SAN DIEGO – Jumbo flying squid — aggressive 5-foot-long sea monsters with razor-sharp beaks and toothy tentacles — have invaded the shallow waters off San Diego, spooking scuba divers and washing up dead on tourist-packed beaches.

The carnivorous calamari, which can grow up to 100 pounds, came up from the depths last week and swarms of them roughed up unsuspecting divers. Some divers report tentacles enveloping their masks and yanking at their cameras and gear.

Stories of too-close encounters with the alien-like cephalopods have chased many veteran divers out of the water and created a whirlwind of excitement among the rest, who are torn between their personal safety and the once-in-a-lifetime chance to swim with the deep-sea giants.

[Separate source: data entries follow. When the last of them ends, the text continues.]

(* For D(k+1, m+1), the
   last side F_(k+m+2) = F_(k+2) F_(m+1) + F_m F_(k+1) is cut into a slab of
   F_(k+2) copies of D(k+1, m) x [0, F_(m+1)) and a slab of F_m copies of
   D(k, m+1) along its first side, that side being rotated to the end. *)
Lemma layer_box_tiling m k : exists T, tiling m (layer_box k) T.
Proof.
elim: m k => [|m IHm] k.
  by exists [:: Tile id (fun=> 0)]; apply: tiling_eq_box (tiling_standard _).
elim: k => [|k IHk].
  exists [:: Tile id (fun=> 0)]; apply: tiling_eq_box (tiling_standard _) => i _.
  by rewrite /layer_box add1n.
have [T1 tiled1] := IHm k.+1.
have [T1' slab1] := tiling_repeat (fib k.+2) (ltnSn m) (tiling_extend tiled1).
have [T2 tiled2] := IHk.
have [T2' tiled2'] := tiling_repeat (fib m) (ltn0Sn m) tiled2.
have slab2 := tiling_reindex (@rot_down_lt m) (@rot_up_lt m)
  (@rot_downK m) (@rot_upK m) tiled2'.
eexists; apply: tiling_eq_box (tiling_split (ltnSn m) _ slab1 slab2).
  (* the stacked box is D(k+1, m+1) *)
  move=> i; rewrite /upd /rot_down /layer_box /=.
  case/ltnS_lastP=> [-> | lt_im]; rewrite ?eqxx ?(ltn_eqF lt_im) ?ltnn //=.
  by rewrite addn0 addSn fib_add [fib m * _]mulnC.
(* the two slabs agree off the last coordinate *)
move=> i lt_i ne_im.
have lt_im : i < m by case/ltnS_lastP: lt_i ne_im => [->|]; rewrite ?eqxx.
by rewrite /upd /rot_down /layer_box /= (negbTE ne_im) lt_im addSnnS.
Qed.

(* The permutation given by [f] when [f] is injective (identity otherwise). *)
Definition perm_of_fun (m : nat) (f : 'I_m -> 'I_m) : {perm 'I_m} :=
  insubd (1%g : {perm 'I_m}) [ffun i => f i].
(* Consider the Bregman proximal augmented Lagrangian method described in the context with $\psi=\frac12\|\cdot\|^2$ (so that $x^{k+1}=x^k-\sigma_kv^k$), $\phi$ Legendre, and $0\le\rho_k\le\rho<1$. Let $(x^\star,y^\star)\in\operatorname{zer}T$ with $y^\star\in\operatorname{dom}\phi$. Then $\{s^k\}_{k\ge0}$ is bounded, $v^k\to0$, and $\langle u^k,y^{k+1}-y^\star\rangle\to0$.
   Context: Let $f\in\Gamma_0(\mathbb{R}^n)$, $g\in\Gamma_0(\mathbb{R}^m)$ (proper lsc convex functions with values in $\mathbb{R}\cup\{+\infty\}$), $A\in\mathbb{R}^{m\times n}$, $b\in\mathbb{R}^m$, $\mathcal{A}(x)=Ax-b$. The Lagrangian is $L(x,y)=f(x)+\langle\mathcal{A}(x),y\rangle-g^*(y)$, $g^*$ the convex conjugate, and the KKT operator is $T(x,y)=(\partial f(x)+A^\top y)\times(\partial g^*(y)+b-Ax)$, which is maximal monotone; $\operatorname{zer}T=T^{-1}(0)$ is the set of saddle points of $L$. A function $h\in\Gamma_0$ is Legendre if it is essentially smooth ($\operatorname{int}\operatorname{dom}h\ne\emptyset$, differentiable there, $\|\nabla h(z^\nu)\|\to\infty$ whenever $\operatorname{int}\operatorname{dom}h\ni z^\nu\to z\in\operatorname{bdry}\operatorname{dom}h$) and essentially strictly convex (strictly convex on every convex subset of $\operatorname{dom}\partial h$); $\nabla h^*$ is then the inverse of $\nabla h$ on the interiors of the domains. $D_h(a,c)=h(a)-h(c)-\langle\nabla h(c),a-c\rangle$ for $a\in\operatorname{dom}h$, $c\in\operatorname{int}\operatorname{dom}h$, $+\infty$ otherwise. Let $\psi\in\Gamma_0(\mathbb{R}^n)$, $\phi\in\Gamma_0(\mathbb{R}^m)$ be Legendre, $\Phi(x,y)=\psi(x)+\phi(y)$, and assume $\operatorname{int}\operatorname{dom}\Phi\cap\operatorname{dom}T\ne\emptyset$. Bregman proximal augmented Lagrangian method: given $x^0\in\operatorname{int}\operatorname{dom}\psi$, $y^0\in\operatorname{int}\operatorname{dom}\phi$, step sizes $\sigma_k\ge\sigma>0$ and $\rho_k\in[0,1)$, it generates $s^k\in\operatorname{dom}\psi$, $x^{k+1},y^{k+1},v^k,u^k$ with $(v^k,u^k)\in T(s^k,y^{k+1})$, $x^{k+1}=\nabla\psi^*(\nabla\psi(x^k)-\sigma_kv^k)\in\operatorname{int}\operatorname{dom}\psi$, $y^{k+1}=\nabla\phi^*(\nabla\phi(y^k)-\sigma_ku^k)\in\operatorname{int}\operatorname{dom}\phi$, and $D_\psi(s^k,x^{k+1})\le\rho_k\big(D_\psi(s^k,x^k)+D_\phi(y^{k+1},y^k)\big)$. (This is the inexact Bregman proximal point algorithm for $T$ with $\Phi$, $z^k=(x^k,y^k)$, $p^k=(s^k,y^{k+1})$, $w^k=(v^k,u^k)$.) *)

From HB Require Import structures.
From mathcomp Require Import all_boot all_order all_algebra.
From mathcomp Require Import all_classical all_reals all_analysis.
Set Implicit Arguments. Unset Strict Implicit. Unset Printing Implicit Defensive.
Import Order.TTheory GRing.Theory Num.Theory.
Import numFieldNormedType.Exports.
Local Open Scope classical_set_scope.
Local Open Scope ring_scope.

The so-called Humboldt squid are native to the deep waters off Mexico, where they have been known to attack humans and are nicknamed “red devils” for their rust-red coloring and mean streak. Those who dive with them there chum the water with bait and sometimes get in a metal cage or wear chain mail to avoid being lashed by tentacles.

The squid hunt in schools of up to 1,200, can swim up to 15 mph and can skim over the water to escape predators.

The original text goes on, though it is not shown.